Sejm przyjął wczoraj dwie poprawki Senatu do noweli Prawa o zgromadzeniach. Jedna wykreśla zapis o pierwszeństwie dla organów władzy, Kościołów i związków wyznaniowych w wyborze miejsca i czasu zgromadzenia. Druga wprowadza do ustawy 14-dniowe vacatio legis.
W myśl przygotowanej przez grupę posłów PiS i uchwalonej przez Sejm noweli, która teraz trafi do prezydenta, odległość między zgromadzeniami nie może być mniejsza niż 100 metrów. Czytaj więcej
Z proponowanymi poprawkami nie zgadzają się organizacje społeczne. "Nie ma naszej zgody na arbitralne i nieuzasadnione ograniczenia wolności obywatelskich. Decyzja co do ich ograniczenia musi wypływać z silnych przesłanek bezpieczeństwa państwa i jego obywateli. Dziś nie ma takiego zagrożenia, a proponowana zmiana wydaje się być podyktowana względami politycznymi i wygodą władzy publicznej. Dlatego też stanowczo sprzeciwiamy się instrumentalnemu ograniczaniu naszych praw i wolności na potrzeby władzy politycznej" - czytamy w apelu, który przekazany został prezydentowi Andrzejowi Dudzie.
Apel podpisały 194 organizacje społeczne z całej Polski.
Apel do Prezydenta w sprawie zmiany Prawa o zgromadzeniach
2 grudnia 2016 Sejm RP uchwalił ustawę nowelizującą Prawo o zgromadzeniach. W trakcie prac nad ustawą całkowicie zignorowano głos organizacji obywatelskich odmawiając zorganizowania wysłuchania publicznego w sprawie zmian, które będą miały wpływ na każdego obywatela i mieszkańca Rzeczypospolitej Polskiej.
Ustawa wprowadza pierwszeństwo zgromadzeń cyklicznych, a ich przeprowadzenie będzie uzależnione od zgody wojewody, będącego przedstawicielem Rady Ministrów w terenie. Stanowi to zaprzeczenie obywatelskiego charakteru konstytucyjnej wolności zgromadzeń i może stanowić narzędzie służące do nadużycia władzy przez władzę publiczną.

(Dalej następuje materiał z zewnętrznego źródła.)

Lemma derive_ge_of_increments (f : R -> R) x d m :
  is_derive f x d -> (forall h, 0 < h <= 1 -> h * m <= f (x + h) - f x) -> m <= d.
Proof.
  intros Hd Hinc. apply Rnot_lt_le; intros Hlt.
  apply is_derive_Reals in Hd.
  destruct (Hd (m - d)) as [[delta Hdelta] Hslope]; [lra|].
  set (h := Rmin (delta / 2) 1).
  assert (Hh : 0 < h <= 1) by (split; [apply Rmin_pos; lra | apply Rmin_r]).
  assert (Hhd : h <= delta / 2) by apply Rmin_l.
  assert (Hq : m <= (f (x + h) - f x) / h).
  { apply (Rmult_le_reg_r h); [lra|].
    unfold Rdiv; rewrite Rmult_assoc, Rinv_l by lra.
    specialize (Hinc h Hh); lra. }
  assert (Habs : Rabs ((f (x + h) - f x) / h - d) < m - d).
  { apply Hslope; [lra | rewrite Rabs_right; simpl; lra]. }
  apply Rabs_def2 in Habs; lra.
Qed.

Lemma sq_pos x : x <> 0 -> 0 < x ^ 2.
Proof. intros H. simpl; rewrite Rmult_1_r; apply (Rsqr_pos_lt x H). Qed.

Definition Gd (gamma : R) (n : nat) (b pi : nat -> R) (x : R) : R :=
  rsum n (fun j => - (b j * pi j) * (gamma * b j) / (1 + gamma * b j * x) ^ 2).

Lemma pole_free gamma bj x :
  0 < gamma -> 0 < bj -> x <> - / (gamma * bj) -> 1 + gamma * bj * x <> 0.
Proof.
  intros Hg Hb Hx Hz. apply Hx.
  replace x with ((1 + gamma * bj * x - 1) / (gamma * bj)) by (field; lra).
  rewrite Hz; field; lra.
Qed.

Section FunctionG.
Variables (gamma : R) (n : nat) (b pi : nat -> R) (x : R).
Hypothesis Hx : forall j, (j < n)%nat -> 1 + gamma * b j * x <> 0.

Lemma Gfun_derive : is_derive (Gfun gamma n b pi) x (Gd gamma n b pi x).
Proof.
  apply (rsum_derive n (fun j y => b j * pi j / (1 + gamma * b j * y))).
  intros j Hj. apply (is_derive_cdiv _ (fun y => 1 + gamma * b j * y)); auto.
  auto_derive; auto; ring.
Qed.

(* (x G(x))' = sum_j b_j pi_j / (1 + gamma b_j x)^2 is positive. *)
Lemma Gd_mul_add_Gfun_pos :
  (0 < n)%nat -> (forall j, (j < n)%nat -> 0 < b j) -> (forall j, (j < n)%nat -> 0 < pi j) ->
  0 < Gd gamma n b pi x * x + Gfun gamma n b pi x.
Proof.
  intros Hn Hb Hpi.
  replace (Gd gamma n b pi x * x + Gfun gamma n b pi x)
    with (rsum n (fun j => b j * pi j / (1 + gamma * b j * x) ^ 2)).
  - apply rsum_pos; auto; intros j Hj.
    apply Rdiv_lt_0_compat; [apply Rmult_lt_0_compat; auto | apply sq_pos; auto].
  - unfold Gd, Gfun. rewrite Rmult_comm, <- rsum_scal, <- rsum_plus.
    apply rsum_ext; intros j Hj; field; auto.
Qed.
End FunctionG.

Lemma Gfun_comp_mul_derive gamma n b pi (e : R -> R) t e1 :
  (forall j, (j < n)%nat -> 1 + gamma * b j * e t <> 0) -> is_derive e t e1 ->
  is_derive (fun u => Gfun gamma n b pi (e u) * e u) t
    (e1 * (Gd gamma n b pi (e t) * e t + Gfun gamma n b pi (e t))).
Proof.
  intros Hx He. eapply is_derive_eq.
  - apply (is_derive_mult (fun u => Gfun gamma n b pi (e u)) e); [| exact He | apply Rmult_comm].
    apply (is_derive_comp (Gfun gamma n b pi) e); [apply Gfun_derive, Hx | exact He].
  - unfold plus, mult, scal; simpl; unfold mult; simpl; ring.
Qed.

(* The sum R(x, lambda) = sum_i a_i w_i / (a_i x - lambda) occurring in F, so
   that F(lambda, e) = e - R(G(e), lambda), and the sums R1, R2 making up its
   partial derivatives: d_lambda R = R1 and d_x R = - R2. *)

Definition resolvent (p : nat) (a om : nat -> R) (x lam : R) : R :=
  rsum p (fun i => a i * om i / (a i * x - lam)).

Definition resolvent1 (p : nat) (a om : nat -> R) (x lam : R) : R :=
  rsum p (fun i => a i * om i / (a i * x - lam) ^ 2).

Definition resolvent2 (p : nat) (a om : nat -> R) (x lam : R) : R :=
  rsum p (fun i => a i * a i * om i / (a i * x - lam) ^ 2).

Lemma resolvent_derive p a om (g l : R -> R) t dg dl :
  (forall i, (i < p)%nat -> a i * g t <> l t) -> is_derive g t dg -> is_derive l t dl ->
  is_derive (fun y => resolvent p a om (g y) (l y)) t
    (dl * resolvent1 p a om (g t) (l t) - dg * resolvent2 p a om (g t) (l t)).
Proof.
  intros Hden Hg Hl. eapply is_derive_eq.
  - apply (rsum_derive p (fun i y => a i * om i / (a i * g y - l y))
      (fun i => - (a i * om i) * (a i * dg - dl) / (a i * g t - l t) ^ 2)).
    intros i Hi. apply (is_derive_cdiv _ (fun y => a i * g y - l y)).
    + eapply is_derive_eq.
      * apply (is_derive_minus (fun y => a i * g y) l); [apply is_derive_scal, Hg | exact Hl].
      * reflexivity.
    + specialize (Hden i Hi); lra.
  - unfold resolvent1, resolvent2. rewrite rsum_lin2. apply rsum_ext; intros i Hi.
    specialize (Hden i Hi). field; lra.
Qed.

Lemma resolvent1_pos p a om x lam :
  (0 < p)%nat -> (forall i, (i < p)%nat -> 0 < a i) -> (forall i, (i < p)%nat -> 0 < om i) ->
  (forall i, (i < p)%nat -> a i * x <> lam) -> 0 < resolvent1 p a om x lam.
Proof.
  intros Hp Ha Hom Hden. apply rsum_pos; auto; intros i Hi.
  apply Rdiv_lt_0_compat; [apply Rmult_lt_0_compat; auto |].
  apply sq_pos; specialize (Hden i Hi); lra.
Qed.

Lemma Ffun_derive_e gamma p a om n b pi lam x :
  (forall j, (j < n)%nat -> 1 + gamma * b j * x <> 0) ->
  (forall i, (i < p)%nat -> a i * Gfun gamma n b pi x <> lam) ->
  derivable_pt_lim (fun y => Ffun gamma p a om n b pi lam y) x
    (1 + Gd gamma n b pi x * resolvent2 p a om (Gfun gamma n b pi x) lam).
Proof.
  intros Hpole Hden. apply is_derive_Reals.
  change (is_derive (fun y => y - resolvent p a om (Gfun gamma n b pi y) ((fun _ => lam) y)) x
    (1 + Gd gamma n b pi x * resolvent2 p a om (Gfun gamma n b pi x) lam)).
  eapply is_derive_eq.
  - apply (is_derive_minus (fun y => y)
      (fun y => resolvent p a om (Gfun gamma n b pi y) ((fun _ => lam) y))); [apply is_derive_id |].
    apply resolvent_derive; [exact Hden | apply Gfun_derive, Hpole |].
    apply (@is_derive_const R_AbsRing R_NormedModule lam).
  - unfold minus, plus, opp, one, zero; simpl; ring.
Qed.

W świetle Konstytucji i Europejskiej Konwencji Praw Człowieka kluczowym czynnikiem dla oceny legalności zgromadzenia jest jego pokojowy charakter, a nie znaczna częstotliwość czy charakter organizatora (np. organ państwa lub związek wyznaniowy). Obowiązujące obecnie przepisy są w stanie skutecznie zabezpieczyć porządek publiczny oraz bezpieczeństwo samych protestujących. Świadczy o tym m.in. przebieg zgromadzeń, które odbyły się 11 listopada 2016 r. w Warszawie.
Z tego względu całkowicie zbędne są również proponowane normy rozgraniczające o co najmniej 100 metrów dwie demonstracje odbywające się w tym samym czasie w niewielkiej odległości od siebie. Takie rozwiązanie może doprowadzić do sytuacji, kiedy kontrmanifestacja straci kontakt z główną manifestacją, a tym samym zaburzona zostanie wolność publicznego wyrażania poglądów.
Jak wskazał Trybunał Konstytucyjny „wolność zgromadzeń pełni funkcję stabilizacyjną w odniesieniu do istniejącego ładu społecznego oraz politycznego, a przede wszystkim w stosunku do mechanizmu przedstawicielskiego. Jest formą aktywnego udziału obywateli w życiu państwa i przez to troski o dobro wspólne”.
Nie ma naszej zgody na arbitralne i nieuzasadnione ograniczenia wolności obywatelskich. Decyzja co do ich ograniczenia musi wypływać z silnych przesłanek bezpieczeństwa państwa i jego obywateli. Dziś nie ma takiego zagrożenia, a proponowana zmiana wydaje się być podyktowana względami politycznymi i wygodą władzy publicznej. Dlatego też stanowczo sprzeciwiamy się instrumentalnemu ograniczaniu naszych praw i wolności na potrzeby władzy politycznej.
Wprowadzona przez Senat poprawka usuwająca przepis o prymacie zgromadzeń organizowanych przez władze publiczne, kościół i związki wyznaniowe, nie eliminuje ani wprowadzonej ustawą nierówności obywateli wobec prawa - pozostawiając preferencje dla „zgromadzeń cyklicznych”, ani ograniczenia wolności publicznego wyrażania poglądów - zakazując demonstracji równoległych, organizowanych w tym samym miejscu i czasie.
Apelujemy do Pana, Panie Prezydencie, o zawetowanie tej ustawy jako niezgodnej z Konstytucją RP ratyfikowanymi przez Polskę konwencjami międzynarodowymi, których przepisów zobowiązaliśmy się przestrzegać.